**Exercise description:** In the records that follow, the lines from the one containing "k^2 <= 2 B with" to the one containing "Lemma locally_open_interval lo", inclusive, are to be given again exactly.

**Data provided:**
────────

(* Let $\alpha(\cdot,t)$ be a solution of the length-constrained elastic flow $$\partial_t\alpha=\Big(k_{ss}+\tfrac12k^3-\lambda(t)k\Big)\nu,\qquad \lambda(t)=\frac{-\int_\alpha k_s^2\,ds+\frac12\int_\alpha k^4\,ds}{\int_\alpha k^2\,ds},$$ with generalised Neumann boundary conditions in a cone with $\omega=\frac{\theta_1-\theta_2}{2\pi}$, and let $L_0$ be the length of the initial curve. Then, while the solution exists, $$-\frac{L_0\int_\alpha k_s^2\,ds}{(2\pi\omega)^2}\le\lambda(t)\le\frac{2L_0}{\pi}\int_\alpha k_s^2\,ds+\bar k^2.$$
   Context: The cone: fix $0\le\theta_2<\theta_1<2\pi$; its boundary consists of the open rays $\bar\gamma_i=\{(\rho\cos\theta_i,\rho\sin\theta_i):\rho>0\}$, $i=1,2$. Generalised Neumann boundary conditions: for each $t$ the curve's interior lies in the open cone between the rays, $\alpha(-1,t)\in\bar\gamma_1$, $\alpha(1,t)\in\bar\gamma_2$, the curve meets each ray perpendicularly at its endpoint, and $k_s(\pm1,t)=0$. Here $s$ is arc length, $\nu$ the outer unit normal, $k=-\langle\alpha_{ss},\nu\rangle$ the scalar curvature (so $\int_\alpha k\,ds=2\pi\omega$), $L$ the length, and $\bar k=\frac1L\int_\alpha k\,ds$. Integrals are over $\alpha(\cdot,t)$ with respect to arc length. *)

From Stdlib Require Import Reals.
From Coquelicot Require Import Coquelicot.
Open Scope R_scope.

(** A time-dependent plane curve is a pair of scalar functions
    x, y : R -> R -> R, (u,t) |-> x(u,t), y(u,t), with parameter u in [-1,1]. *)

Definition pd (n m : nat) (f : R -> R -> R) : R -> R -> R :=
  fun u t => Derive_n (fun t' => Derive_n (fun u' => f u' t') n u) m t.

Definition smooth_on_rect (f : R -> R -> R) (a b c d : R) : Prop :=
  forall (n m : nat) (u t : R), a < u < b -> c < t < d ->
    ex_derive_n (fun u' => f u' t) n u /\
    ex_derive_n (fun t' => Derive_n (fun u' => f u' t') n u) m t /\
    continuous (fun p : R * R => pd n m f (fst p) (snd p)) (u, t).

Definition speed (x y : R -> R -> R) : R -> R -> R :=
  fun u t => sqrt (pd 1 0 x u t ^ 2 + pd 1 0 y u t ^ 2).

Definition Ds (x y : R -> R -> R) (g : R -> R -> R) : R -> R -> R :=
  fun u t => Derive (fun u' => g u' t) u / speed x y u t.

(** Unit normal nu = rotation of the unit tangent tau = alpha_s by +pi/2,
    nu = (-y_s, x_s); with the orientation from the ray theta_1 to the ray
    theta_2 this is the outer normal (a circular arc about the origin has
    curvature +1/r). *)
Definition nu1 (x y : R -> R -> R) : R -> R -> R := fun u t => - Ds x y y u t.
Definition nu2 (x y : R -> R -> R) : R -> R -> R := fun u t => Ds x y x u t.

Definition curv (x y : R -> R -> R) : R -> R -> R :=
  fun u t => - (Ds x y (Ds x y x) u t * nu1 x y u t
                + Ds x y (Ds x y y) u t * nu2 x y u t).

Definition curv_s (x y : R -> R -> R) : R -> R -> R := Ds x y (curv x y).
Definition curv_ss (x y : R -> R -> R) : R -> R -> R := Ds x y (curv_s x y).

Definition arcint (x y : R -> R -> R) (g : R -> R -> R) (t : R) : R :=
  RInt (fun u => g u t * speed x y u t) (-1) 1.

Definition len (x y : R -> R -> R) (t : R) : R :=
  RInt (fun u => speed x y u t) (-1) 1.

Definition kbar (x y : R -> R -> R) (t : R) : R :=
  arcint x y (curv x y) t / len x y t.

Definition lam (x y : R -> R -> R) (t : R) : R :=
  (- arcint x y (fun u t => curv_s x y u t ^ 2) t
   + / 2 * arcint x y (fun u t => curv x y u t ^ 4) t)
  / arcint x y (fun u t => curv x y u t ^ 2) t.

Definition in_open_cone (th1 th2 px py : R) : Prop :=
  exists rho th, 0 < rho /\ th2 < th < th1 /\ px = rho * cos th /\ py = rho * sin th.

Definition on_ray (th px py : R) : Prop :=
  exists rho, 0 < rho /\ px = rho * cos th /\ py = rho * sin th.

Definition gen_neumann (th1 th2 : R) (x y : R -> R -> R) (t : R) : Prop :=
  (forall u, -1 < u < 1 -> in_open_cone th1 th2 (x u t) (y u t)) /\
  on_ray th1 (x (-1) t) (y (-1) t) /\
  on_ray th2 (x 1 t) (y 1 t) /\
  pd 1 0 x (-1) t * cos th1 + pd 1 0 y (-1) t * sin th1 = 0 /\
  pd 1 0 x 1 t * cos th2 + pd 1 0 y 1 t * sin th2 = 0 /\
  curv_s x y (-1) t = 0 /\
  curv_s x y 1 t = 0.

(** (x,y) is a (smooth, regular) solution on [0,T) of the length-constrained
    elastic flow  d_t alpha = (k_ss + k^3/2 - lambda k) nu  with generalised
    Neumann boundary conditions in the cone, whose winding is
    int k ds = 2 pi omega = th1 - th2. *)
Definition elastic_flow_solution (th1 th2 T : R) (x y : R -> R -> R) : Prop :=
  (exists eps, 0 < eps /\
     smooth_on_rect x (-1 - eps) (1 + eps) (- eps) T /\
     smooth_on_rect y (-1 - eps) (1 + eps) (- eps) T) /\
  (forall u t, -1 <= u <= 1 -> 0 <= t < T -> 0 < speed x y u t) /\
  (forall u t, -1 <= u <= 1 -> 0 <= t < T ->
     let V := curv_ss x y u t + / 2 * curv x y u t ^ 3
              - lam x y t * curv x y u t in
     pd 0 1 x u t = V * nu1 x y u t /\ pd 0 1 y u t = V * nu2 x y u t) /\
  (forall t, 0 <= t < T -> gen_neumann th1 th2 x y t) /\
  (forall t, 0 <= t < T -> arcint x y (curv x y) t = th1 - th2).

(* The multiplier [lam] is exactly the one that keeps the length constant.  Along the flow
   the speed evolves by d/dt |alpha_u| = V k |alpha_u|, where V = k_ss + k^3/2 - lam k is the
   normal velocity, so L' = int V k ds; integrating k k_ss by parts (k_s vanishes at both ends)
   gives L' = - int k_s^2 + 1/2 int k^4 - lam int k^2 = 0, hence L = L_0.

   Lower bound: lam >= - int k_s^2 / int k^2, and Cauchy-Schwarz gives
   (2 pi omega)^2 = (int k ds)^2 <= L int k^2.

   Upper bound: with sigma the arc length from the first endpoint,
   L k(u) - int k ds = int_{sigma < sigma(u)} k_s sigma ds
                       + int_{sigma > sigma(u)} k_s (sigma - L) ds,
   and Cauchy-Schwarz on both pieces gives (k - kbar)^2 <= L/3 int k_s^2.  Hence
   k^2 <= 2 B with B = L/3 int k_s^2 + kbar^2, so int k^4 <= 2 B int k^2 and lam <= B;
   finally 1/3 <= 2/pi. *)

From Stdlib Require Import Reals Lra Lia.
From Coquelicot Require Import Coquelicot.
Open Scope R_scope.

(** * Smooth functions on an open interval *)

Lemma locally_open_interval lo hi u : lo < u < hi -> locally u (fun v => lo < v < hi).
Proof. intros [H1 H2]. now apply (locally_interval _ u (Finite lo) (Finite hi)). Qed.

Lemma open_interval_of_Rmin_Rmax lo hi a b z :
  lo < a < hi -> lo < b < hi -> Rmin a b <= z <= Rmax a b -> lo < z < hi.
Proof.
  intros Ha Hb [H1 H2].
  assert (lo < Rmin a b) by (apply Rmin_glb_lt; lra).
  assert (Rmax a b < hi) by (apply Rmax_lub_lt; lra). lra.
Qed.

────────

**Completed exercise:**
   k^2 <= 2 B with B = L/3 int k_s^2 + kbar^2, so int k^4 <= 2 B int k^2 and lam <= B;
   finally 1/3 <= 2/pi. *)

From Stdlib Require Import Reals Lra Lia.
From Coquelicot Require Import Coquelicot.
Open Scope R_scope.

(** * Smooth functions on an open interval *)

Lemma locally_open_interval lo hi u : lo < u < hi -> locally u (fun v => lo < v < hi).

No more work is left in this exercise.